Task to carry out. Scan the records below and report how many lines include the string "move"; the number alone will do.

Excerpted data.
Theorem proposition5p1 (R : comPzRingType) (I : R -> Prop)
    (F : nat -> lmodType R) (d : forall i, F i.+1 -> F i) (phi0 : F 0%N -> R)
    (mu : forall i, F 1%N -> F i -> F i.+1) :
  noetherian R ->
  is_ideal I ->
  free_resolution_of_quotient I d phi0 ->
  (forall i, is_bilinear (mu i)) ->
  (* (a) for i = 0 (d_0 = 0):  d_1(f_1 . f_0) = d_1(f_1) f_0 *)
  (forall (f1 : F 1%N) (f : F 0%N), d 0%N (mu 0%N f1 f) = phi0 (d 0%N f1) *: f) ->
  (* (a) for i = j+1:  d_(j+2)(f_1 . f) = d_1(f_1) f - f_1 . d_(j+1)(f) *)
  (forall j (f1 : F 1%N) (f : F j.+1),
      d j.+1 (mu j.+1 f1 f) = phi0 (d 0%N f1) *: f - mu j f1 (d j f)) ->
  (* (b) *)
  (forall i (f1 : F 1%N) (f : F i), mu i.+1 f1 (mu i f1 f) = 0) ->
  forall (n : nat) (x : 'I_n -> R),
    regular_sequence x ->
    (forall r, ideal_gen x r -> I r) ->
    exists act : forall p q, koszul R n -> F q -> F (p + q)%N,
      DG_koszul_module x d act.
Proof.
move=> _ _ [_ d_lin _ _ I_im] mu_bil d_mu0 d_muS mu_nil n x _ x_in_I.
have /fin_all_exists [w dw] : forall k, exists w1 : F 1%N, phi0 (d 0%N w1) = x k.
  by move=> k; apply/I_im/x_in_I/mem_ideal_gen.
have d_mu0w k (f : F 0%N) : d 0%N (mu 0%N (w k) f) = x k *: f by rewrite d_mu0 dw.
have d_muSw j k (f : F j.+1) : d j.+1 (mu j.+1 (w k) f) = x k *: f - mu j (w k) (d j f).
  by rewrite d_muS dw.
exists (kz_act mu w); split.
- split=> [p q|q f]; last by rewrite /= ffunE eqxx scale1r.
  by split=> [a|f]; [exact: kz_act_linear_r | exact: kz_act_linear_l].
- by move=> p p' q a b f ha _; exact: kz_act_wedge.
- by move=> j a f _; rewrite /= (is_linearZ (d_lin j)).
- by move=> i a f _; exact: kz_act_leibniz0.
- by move=> i j a f _; exact: kz_act_leibniz.
Qed.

Output. 6